My seminal magazine moment came when I was on holiday in Hayle. It must have been around 1975. I was bored, and looking at the magazine racks. I picked up Honey, and instantly liked what I saw. I remember even to this day: a big 2-page spread on how to make a real pizza with the headline "Belissimo!" Honey was probably a little old for me at that time but it seemed just right. I became an avid reader of Honey, 19 and then Over 21.
I've seen quite a few titles come and go. Obviously OK, Hi, Over 21, Frank, Woman's Journal, Living. I'm not always very true to my demographic. I was buying Cosmopolitan until about two years ago, New Woman until about 5 years ago, and still buy Marie-Claire occasionally, all with a much younger target reader.
These days I buy an eclectic mix of Eve, Woman & Home (my current favourites), Red, She, Good Housekeeping, Gardener's World, various craft titles, You Are What You Eat and Business Week, plus weeklies OK and Hello (shocking isn't it). It's thanks to my magazine obsession that I'm never short of an offbeat conversation topic at dinner parties. I find that the minor European royals, courtesy of Hello, and the dieting secrets of the stars (OK) are an endless source of fascination.
If I'm really desperate, if I'm going on a long flight or it's that lean period when all the magazines are out, I might get Perfect Home, Q, Grazia, Good Food or Glamour, or American magazines.

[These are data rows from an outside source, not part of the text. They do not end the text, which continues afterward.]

(* Let $\xi=e^{i\pi/5}$, $\tau=\frac{1+\sqrt5}{2}$. For $n\in\mathbb{N}_0$ let $Q_2(n)=\{\sum_{j=0}^9 n_j\xi^j: n_j\in\mathbb{N}_0,\ \sum_j n_j\le n\}$ and $L(n)=Q_2(n)\cap\mathbb{R}$. Then $$L(n)=\{(a+c)+(b-c)\tau \mid a,b,c\in\mathbb{Z},\ |a|+2|b|+2|c|\le n\}.$$
   Context: $L(n)$ is denoted $L_{\alpha_1}(n)$ in the paper. *)

From Stdlib Require Import Reals ZArith List.
From Coquelicot Require Import Coquelicot.
Open Scope R_scope.

Definition xi : C := (cos (PI / 5), sin (PI / 5)).

Definition tau : R := (1 + sqrt 5) / 2.

Definition sum10 {A} (plus : A -> A -> A) (zero : A) (f : nat -> A) : A :=
  fold_right (fun j acc => plus (f j) acc) zero (seq 0 10).

Definition Q2 (n : nat) (z : C) : Prop :=
  exists m : nat -> nat,
    (sum10 Nat.add 0%nat m <= n)%nat /\
    z = sum10 Cplus (RtoC 0) (fun j => Cmult (RtoC (INR (m j))) (Cpow xi j)).

Definition L (n : nat) (x : R) : Prop := Q2 n (RtoC x).

(* Writing [s = sin (pi/5)], the powers of [xi] have real parts in [{±1, ±tau/2, ±(tau-1)/2}]
   and imaginary parts in [s Z[tau]], and [xi^(j+5) = - xi^j]. The imaginary part of an
   element of [Q_2(n)] is [s ((k1 + k4) + (k2 + k3) tau)] with [kj = n_j - n_(j+5)]; as [1]
   and [tau] are linearly independent over [Q] (irrationality of [sqrt 5]), a real element
   has [k4 = -k1] and [k3 = -k2], and its real part is then [(k0 - k2) + (k1 + k2) tau]
   at cost at least [|k0| + 2|k1| + 2|k2|]. Conversely [a + b (xi - xi^4) + c (xi^3 - xi^2)]
   realises [(a + c) + (b - c) tau] at cost [|a| + 2|b| + 2|c|]. *)

From Stdlib Require Import Reals ZArith Znumtheory List Lra Lia Psatz.
From Coquelicot Require Import Coquelicot.
Open Scope R_scope.

Lemma prime_5 : prime 5.
Proof.
  apply prime_intro; [lia|].
  intros k Hk; apply Zgcd_1_rel_prime.
  assert (Hk' : (k = 1 \/ k = 2 \/ k = 3 \/ k = 4)%Z) by lia.
  now destruct Hk' as [E|[E|[E|E]]]; subst k.
Qed.

Lemma sqr_eq_prime_mul_sqr (p m q : Z) :
  prime p -> (m * m = p * (q * q))%Z -> q = 0%Z.
Proof.
  intros Hp. pose proof (prime_ge_2 p Hp) as Hp2.
  revert m. induction q as [q IH] using (well_founded_induction (Wf_nat.well_founded_ltof Z Z.abs_nat)).
  intros m E.
  (* Descent: [p] divides [m], then [q], and [(q/p, m/p)] is a smaller solution. *)
  destruct (Z.eq_dec q 0) as [|Hq]; [assumption|exfalso].
  assert (Hm : (p | m)).
  { assert (Hpm : (p | m * m)) by (exists (q * q)%Z; lia).
    now destruct (prime_mult p Hp m m Hpm). }
  destruct Hm as [t ->].
  assert (Et : (q * q = p * (t * t))%Z) by nia.
  assert (Hq' : (p | q)).
  { assert (Hpq : (p | q * q)) by (exists (t * t)%Z; lia).
    now destruct (prime_mult p Hp q q Hpq). }
  destruct Hq' as [u ->].
  assert (Eu : (t * t = p * (u * u))%Z) by nia.
  apply Hq. enough (u = 0%Z) by (subst; lia).
  refine (IH u _ t Eu). unfold Wf_nat.ltof. nia.
Qed.

Lemma tau_sqr : tau * tau = tau + 1.
Proof. unfold tau. pose proof (sqrt_sqrt 5 ltac:(lra)). nra. Qed.

Lemma IZR_lin_tau_eq0 (p q : Z) : IZR p + IZR q * tau = 0 -> p = 0%Z /\ q = 0%Z.
Proof.
  intros E. unfold tau in E.
  assert (Hq : q = 0%Z).
  { apply (sqr_eq_prime_mul_sqr 5 (2 * p + q) q prime_5), eq_IZR.
    assert (Hs : IZR (2 * p + q) = - (IZR q * sqrt 5)).
    { rewrite plus_IZR, mult_IZR. lra. }
    rewrite !mult_IZR, Hs. pose proof (sqrt_sqrt 5 ltac:(lra)). nra. }
  subst q. split; [|reflexivity]. apply eq_IZR. lra.
Qed.

Lemma cos_PI5 : cos (PI / 5) = tau / 2.
Proof.
  set (t := PI / 5).
  assert (Ht : cos (2 * t + t) = - cos (2 * t)).
  { replace (2 * t + t) with (PI - 2 * t) by (unfold t; field).
    apply Rtrigo_facts.cos_pi_minus. }
  rewrite cos_plus, sin_2a, !cos_2a_cos in Ht.
  pose proof (sin2 t) as Hs. unfold Rsqr in Hs.
  assert (Hc : 0 < cos t) by (apply cos_gt_0; unfold t; pose proof PI_RGT_0; lra).
  (* [cos (3t) = - cos (2t)] factors as [(c + 1)(4c^2 - 2c - 1) = 0]. *)
  assert (Hq : 4 * cos t * cos t - 2 * cos t - 1 = 0).
  { assert (E : (cos t + 1) * (4 * cos t * cos t - 2 * cos t - 1) = 0) by nra.
    apply Rmult_integral in E. destruct E; lra. }
  pose proof (sqrt_sqrt 5 ltac:(lra)). pose proof (sqrt_lt_R0 5 ltac:(lra)).
  assert (E : (cos t - (1 + sqrt 5) / 4) * (cos t - (1 - sqrt 5) / 4) = 0) by nra.
  unfold tau. apply Rmult_integral in E. destruct E as [E|E]; nra.
Qed.

Local Notation s := (sin (PI / 5)).

Lemma sin_PI5_sqr : s * s = 1 - tau * tau / 4.
Proof. pose proof (sin2 (PI / 5)) as H. unfold Rsqr in H. rewrite H, cos_PI5. field. Qed.

Lemma xi_pow_S (j : nat) (x y x' y' : R) :
  Cpow xi j = (x, y) ->
  tau / 2 * x - s * y = x' -> tau / 2 * y + s * x = y' ->
  Cpow xi (S j) = (x', y').
Proof.
  intros Hj Hx Hy. rewrite Cpow_S, Hj. unfold xi, Cmult. rewrite cos_PI5. simpl.
  rewrite <- Hx, <- Hy. f_equal; ring.
Qed.

Lemma xi_pow_table :
  Cpow xi 0 = (1, 0) /\
  Cpow xi 1 = (tau / 2, s) /\
  Cpow xi 2 = ((tau - 1) / 2, tau * s) /\
  Cpow xi 3 = (- ((tau - 1) / 2), tau * s) /\
  Cpow xi 4 = (- (tau / 2), s) /\
  Cpow xi 5 = (-1, 0) /\
  Cpow xi 6 = (- (tau / 2), - s) /\
  Cpow xi 7 = (- ((tau - 1) / 2), - (tau * s)) /\
  Cpow xi 8 = ((tau - 1) / 2, - (tau * s)) /\
  Cpow xi 9 = (tau / 2, - s).
Proof.
  pose proof tau_sqr as T2. pose proof sin_PI5_sqr as S2.
  assert (T3 : tau * tau * tau = 2 * tau + 1) by nra.
  assert (TS : s * (tau * s) = tau * (1 - tau * tau / 4)) by (rewrite <- S2; ring).
  assert (P0 : Cpow xi 0 = (1, 0)) by reflexivity.
  assert (P1 : Cpow xi 1 = (tau / 2, s)) by (apply (xi_pow_S _ _ _ _ _ P0); ring).
  assert (P2 : Cpow xi 2 = ((tau - 1) / 2, tau * s)) by (apply (xi_pow_S _ _ _ _ _ P1); nra).
  assert (P3 : Cpow xi 3 = (- ((tau - 1) / 2), tau * s)) by (apply (xi_pow_S _ _ _ _ _ P2); nra).
  assert (P4 : Cpow xi 4 = (- (tau / 2), s)) by (apply (xi_pow_S _ _ _ _ _ P3); nra).
  assert (P5 : Cpow xi 5 = (-1, 0)) by (apply (xi_pow_S _ _ _ _ _ P4); nra).
  assert (P6 : Cpow xi 6 = (- (tau / 2), - s)) by (apply (xi_pow_S _ _ _ _ _ P5); nra).
  assert (P7 : Cpow xi 7 = (- ((tau - 1) / 2), - (tau * s))) by (apply (xi_pow_S _ _ _ _ _ P6); nra).
  assert (P8 : Cpow xi 8 = ((tau - 1) / 2, - (tau * s))) by (apply (xi_pow_S _ _ _ _ _ P7); nra).
  assert (P9 : Cpow xi 9 = (tau / 2, - s)) by (apply (xi_pow_S _ _ _ _ _ P8); nra).
  tauto.
Qed.

(* Since [xi^(j+5) = - xi^j], a combination of the ten powers only depends on these five
   differences. *)
Definition net_coeff (m : nat -> nat) (j : nat) : Z :=
  (Z.of_nat (m j) - Z.of_nat (m (j + 5)%nat))%Z.

Lemma net_coeff_size (m : nat -> nat) :
  (Z.abs (net_coeff m 0) + Z.abs (net_coeff m 1) + Z.abs (net_coeff m 2)
     + Z.abs (net_coeff m 3) + Z.abs (net_coeff m 4) <= Z.of_nat (sum10 Nat.add 0%nat m))%Z.
Proof. unfold net_coeff, sum10. cbn [seq fold_right Nat.add]. lia. Qed.

Lemma xi_sum_eq (m : nat -> nat) :
  sum10 Cplus (RtoC 0) (fun j => Cmult (RtoC (INR (m j))) (Cpow xi j)) =
  (IZR (net_coeff m 0) + IZR (net_coeff m 1 - net_coeff m 4) * (tau / 2)
     + IZR (net_coeff m 2 - net_coeff m 3) * ((tau - 1) / 2),
   s * (IZR (net_coeff m 1 + net_coeff m 4) + IZR (net_coeff m 2 + net_coeff m 3) * tau)).
Proof.
  destruct xi_pow_table as (P0 & P1 & P2 & P3 & P4 & P5 & P6 & P7 & P8 & P9).
  unfold sum10, net_coeff. cbn [seq fold_right Nat.add].
  rewrite P0, P1, P2, P3, P4, P5, P6, P7, P8, P9.
  rewrite !plus_IZR, !minus_IZR, <- !INR_IZR_INZ.
  unfold Cplus, Cmult, RtoC. simpl. f_equal; field.
Qed.

(* [a + b (xi - xi^4) + c (xi^3 - xi^2)], each negative coefficient being moved to the
   opposite power [xi^(j+5) = - xi^j]. *)
Definition xi_coeffs (a b c : Z) (j : nat) : nat :=
  match j with
  | 0 => Z.to_nat a | 5 => Z.to_nat (- a)
  | 1 => Z.to_nat b | 6 => Z.to_nat (- b)
  | 9 => Z.to_nat b | 4 => Z.to_nat (- b)
  | 3 => Z.to_nat c | 8 => Z.to_nat (- c)
  | 7 => Z.to_nat c | 2 => Z.to_nat (- c)
  | _ => 0
  end%nat.

Lemma xi_coeffs_size (a b c : Z) :
  Z.of_nat (sum10 Nat.add 0%nat (xi_coeffs a b c)) = (Z.abs a + 2 * Z.abs b + 2 * Z.abs c)%Z.
Proof. unfold sum10. cbn [seq fold_right xi_coeffs]. lia. Qed.

Lemma net_coeff_xi_coeffs (a b c : Z) :
  net_coeff (xi_coeffs a b c) 0 = a /\ net_coeff (xi_coeffs a b c) 1 = b /\
  net_coeff (xi_coeffs a b c) 2 = (- c)%Z /\ net_coeff (xi_coeffs a b c) 3 = c /\
  net_coeff (xi_coeffs a b c) 4 = (- b)%Z.
Proof. unfold net_coeff. cbn [xi_coeffs Nat.add]. lia. Qed.

Theorem corollary6p7 : forall (n : nat) (x : R),
  L n x <->
  exists a b c : Z,
    (Z.abs a + 2 * Z.abs b + 2 * Z.abs c <= Z.of_nat n)%Z /\
    x = IZR (a + c) + IZR (b - c) * tau.
Proof.
  intros n x. unfold L, Q2. split.
  - intros (m & Hm & E). rewrite xi_sum_eq in E. unfold RtoC in E.
    injection E as Ere Eim. pose proof (net_coeff_size m) as Hk_size.
    set (k := net_coeff m) in *.
    assert (Hs : 0 < s) by (apply sin_gt_0; pose proof PI_RGT_0; lra).
    assert (Hk : (k 1%nat + k 4%nat = 0 /\ k 2%nat + k 3%nat = 0)%Z).
    { apply IZR_lin_tau_eq0, (Rmult_eq_reg_l s); lra. }
    exists (k 0%nat), (k 1%nat), (- k 2%nat)%Z. split.
    + lia.
    + rewrite Ere. replace (k 4%nat) with (- k 1%nat)%Z by lia.
      replace (k 3%nat) with (- k 2%nat)%Z by lia.
      rewrite !plus_IZR, !minus_IZR, !opp_IZR. field.
  - intros (a & b & c & Hn & ->). exists (xi_coeffs a b c). split.
    + rewrite <- xi_coeffs_size in Hn. lia.
    + destruct (net_coeff_xi_coeffs a b c) as (K0 & K1 & K2 & K3 & K4).
      rewrite xi_sum_eq, K0, K1, K2, K3, K4. unfold RtoC.
      f_equal; rewrite ?plus_IZR, ?minus_IZR, ?opp_IZR; field.
Qed.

The American magazines are interesting because they're a bit like a step in time: they're more like Cosmopolitan used to be in the Marcelle D'Argy Smith days when it was all a bit soft and boy obsessed, with no hard reportage. There are some titles I wouldn't touch with a barge pole: Vogue, Vanity Fair, Harpers, Wallpaper, Tatler (file under "Emperor's New Clothes").
Oh, and I forgot to mention the best magazine of all: Smash & Grab, which was the comic I used to write with David Westgarth when we were kids and borrwing his dad's Olivetti typewriter. There are no back copies of that one, sadly.